BRIEF:
Search the entries for the word "kappa" and pull out each line that has it.

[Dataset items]
Lemma zeta_minus0 : zeta_minus K r z 0 = sigma r K.
Proof.
have s0 := sigma_ge0 (leqnn K); have s1 := sigma_lt1.
rewrite /zeta_minus /beta big_geq // subr0 subn0.
rewrite (_ : _ ^+ 2 - _ = (1 - sigma r K) ^+ 2); last by ring.
by rewrite sqrtr_sqr ger0_norm; [field | lra].
Qed.

Lemma h_K0 : h K 0 = 1 - sigma r K.
Proof.
have KK : (1 <= K <= K)%N by rewrite leqnn andbT.
have := series_H_geometric KK (_ : 0 <= 1 <= 1); rewrite lexx ler01 => /(_ isT).
rewrite subnn zeta_minus0 mul1r series_H // (eq_esum (b := fun n => (p n)%:E)) => [|n _].
  rewrite p_sum1 => -[total].
  have nz : 1 - sigma r K != 0 by rewrite subr_eq0 gt_eqF.
  by rewrite -[h K 0](divfK nz) -total mul1r.
by rewrite /weighted_prob low_weightK expr1n mul1e mulr1.
Qed.

Lemma h_succ j (jK : (j < K)%N) : (0 < j)%N ->
  h j 0 = h j.+1 0 * (1 - z (K - j)%N * zeta_minus K r z (K - j))
                   / (1 - z (K - j)%N * zeta_minus K r z (K - j.+1)).
Proof.
move=> j0; have y01 : 0 <= z (K - j)%N <= 1 by apply: z_bounds; lia.
have jK1 : (1 <= j <= K)%N by rewrite j0 ltnW.
have jK2 : (1 <= j.+1 <= K)%N by rewrite jK.
have := series_H_succ jK j0.
rewrite (series_H_geometric jK1 y01) (series_H_geometric jK2 y01) => -[eq_series].
have /andP[_ d1] := zeta_minus_scaled jK1 y01.
have nz : 1 - z (K - j)%N * zeta_minus K r z (K - j) != 0 by rewrite subr_eq0 gt_eqF.
by rewrite -[h j 0](divfK nz) eq_series mulrAC.
Qed.

Lemma h_prod m : (m < K)%N ->
  h (K - m) 0 = (1 - sigma r K) * \prod_(1 <= k < m.+1)
    ((1 - z k * zeta_minus K r z k) / (1 - z k * zeta_minus K r z k.-1)).
Proof.
elim: m => [|m IH] mK; first by rewrite subn0 h_K0 big_geq // mulr1.
have jK : (K - m.+1 < K)%N by lia.
rewrite (h_succ jK); last by lia.
have -> : (K - m.+1).+1 = (K - m)%N by lia.
have -> : (K - (K - m.+1))%N = m.+1 by lia.
have -> : (K - (K - m))%N = m by lia.
by rewrite IH ?(ltnW mK) // [in RHS]big_nat_recr //=; ring.
Qed.

Lemma G_H ell : G z p ell = H 1 ell.
Proof.
rewrite /G /H /weighted_prob /low_weight; congr esum; apply/seteqP.
have first_level n : queued_upto 1 n = n (Ordinal K_gt0).
  rewrite /queued_upto (big_pred1 (Ordinal K_gt0)) // => i.
  by rewrite ltnS leqn0 /= -val_eqE.
split => n /=; rewrite first_level; first exact.
by move=> <- i i0; congr (n _); apply: val_inj.
Qed.

Lemma G_formula ell : G z p ell =
  ((1 - sigma r K) * zeta_minus K r z K.-1 ^+ ell
   * \prod_(1 <= kappa < K)
       ((1 - z kappa * zeta_minus K r z kappa)
        / (1 - z kappa * zeta_minus K r z kappa.-1)))%:E.
Proof.
have K1 : (1 <= 1 <= K)%N by rewrite K_gt0.
have KK : (K.-1 < K)%N by rewrite prednK.
rewrite G_H H_fin // (h_geometric ell K1) subn1.
have := h_prod KK; rewrite prednK // (_ : (K - K.-1)%N = 1%N) => [->|]; last by lia.
by rewrite mulrAC.
Qed.

Lemma p_empty : p [ffun => 0%N] = 1 - sigma r K.
Proof. by rewrite -h_K0 /h H_K0. Qed.

Lemma denominator_gt0 kappa : (1 <= kappa <= K.-1)%N ->
  0 < 1 - z kappa * zeta_minus K r z kappa.-1.
Proof.
move=> kK; have jK : (1 <= K - kappa.-1 <= K)%N by lia.
have := zeta_minus_scaled jK (z_bounds kK).
by rewrite (_ : (K - (K - kappa.-1))%N = kappa.-1) ?subr_gt0 => [/andP[]|]; last lia.
Qed.

End Queue.

Theorem mainTheorem1 (R : realType) (K : nat) (r : nat -> R) (p : state K -> R) :
  (2 <= K)%N ->
  (forall k : nat, (1 <= k <= K)%N -> 0 < r k) ->
  sigma r K < 1 ->
  (forall n : state K, 0 <= p n) ->
  (\esum_(n in [set: state K]) (p n)%:E)%E = 1%E ->
  balance r p ->
  forall (ell : nat) (z : nat -> R),
    (forall k : nat, (1 <= k <= K.-1)%N -> 0 <= z k <= 1) ->
    [/\ G z p ell =
          ((1 - sigma r K) * zeta_minus K r z K.-1 ^+ ell
           * \prod_(1 <= kappa < K)
               ((1 - z kappa * zeta_minus K r z kappa)
                / (1 - z kappa * zeta_minus K r z kappa.-1)))%:E,
        (forall kappa : nat, (1 <= kappa <= K.-1)%N ->
           0 < 1 - z kappa * zeta_minus K r z kappa.-1),
        p [ffun => 0%N] = 1 - sigma r K,
        G (fun _ => 0) p 0 = (p [ffun => 0%N])%:E &
        G z p ell = (G z p 0 * (zeta_minus K r z K.-1 ^+ ell)%:E)%E].
Proof.
move=> K2 r_gt0 sigma_lt1 p_ge0 p_sum1 p_bal ell z z_bounds.
have K_gt0 : (0 < K)%N by apply: ltnW.
have z0_bounds k : (1 <= k <= K.-1)%N -> 0 <= (fun=> 0 : R) k <= 1.
  by rewrite lexx ler01.
have G_z := G_formula K_gt0 r_gt0 sigma_lt1 p_ge0 p_sum1 p_bal z_bounds.
have G_0 := G_formula K_gt0 r_gt0 sigma_lt1 p_ge0 p_sum1 p_bal z0_bounds 0.
have p_0 := p_empty K_gt0 r_gt0 sigma_lt1 p_ge0 p_sum1 p_bal z_bounds.
split => //; first exact: denominator_gt0.
- by rewrite G_0 p_0 mulr1 big1 ?mulr1 // => k _; rewrite !mul0r subr0 divr1.
- by rewrite !G_z expr0 mulr1 -EFinM mulrAC.
Qed.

OUTPUT FOR THIS TASK:
   * \prod_(1 <= kappa < K)
       ((1 - z kappa * zeta_minus K r z kappa)
        / (1 - z kappa * zeta_minus K r z kappa.-1)))%:E.
Lemma denominator_gt0 kappa : (1 <= kappa <= K.-1)%N ->
  0 < 1 - z kappa * zeta_minus K r z kappa.-1.
move=> kK; have jK : (1 <= K - kappa.-1 <= K)%N by lia.
by rewrite (_ : (K - (K - kappa.-1))%N = kappa.-1) ?subr_gt0 => [/andP[]|]; last lia.
           * \prod_(1 <= kappa < K)
               ((1 - z kappa * zeta_minus K r z kappa)
                / (1 - z kappa * zeta_minus K r z kappa.-1)))%:E,
        (forall kappa : nat, (1 <= kappa <= K.-1)%N ->
           0 < 1 - z kappa * zeta_minus K r z kappa.-1),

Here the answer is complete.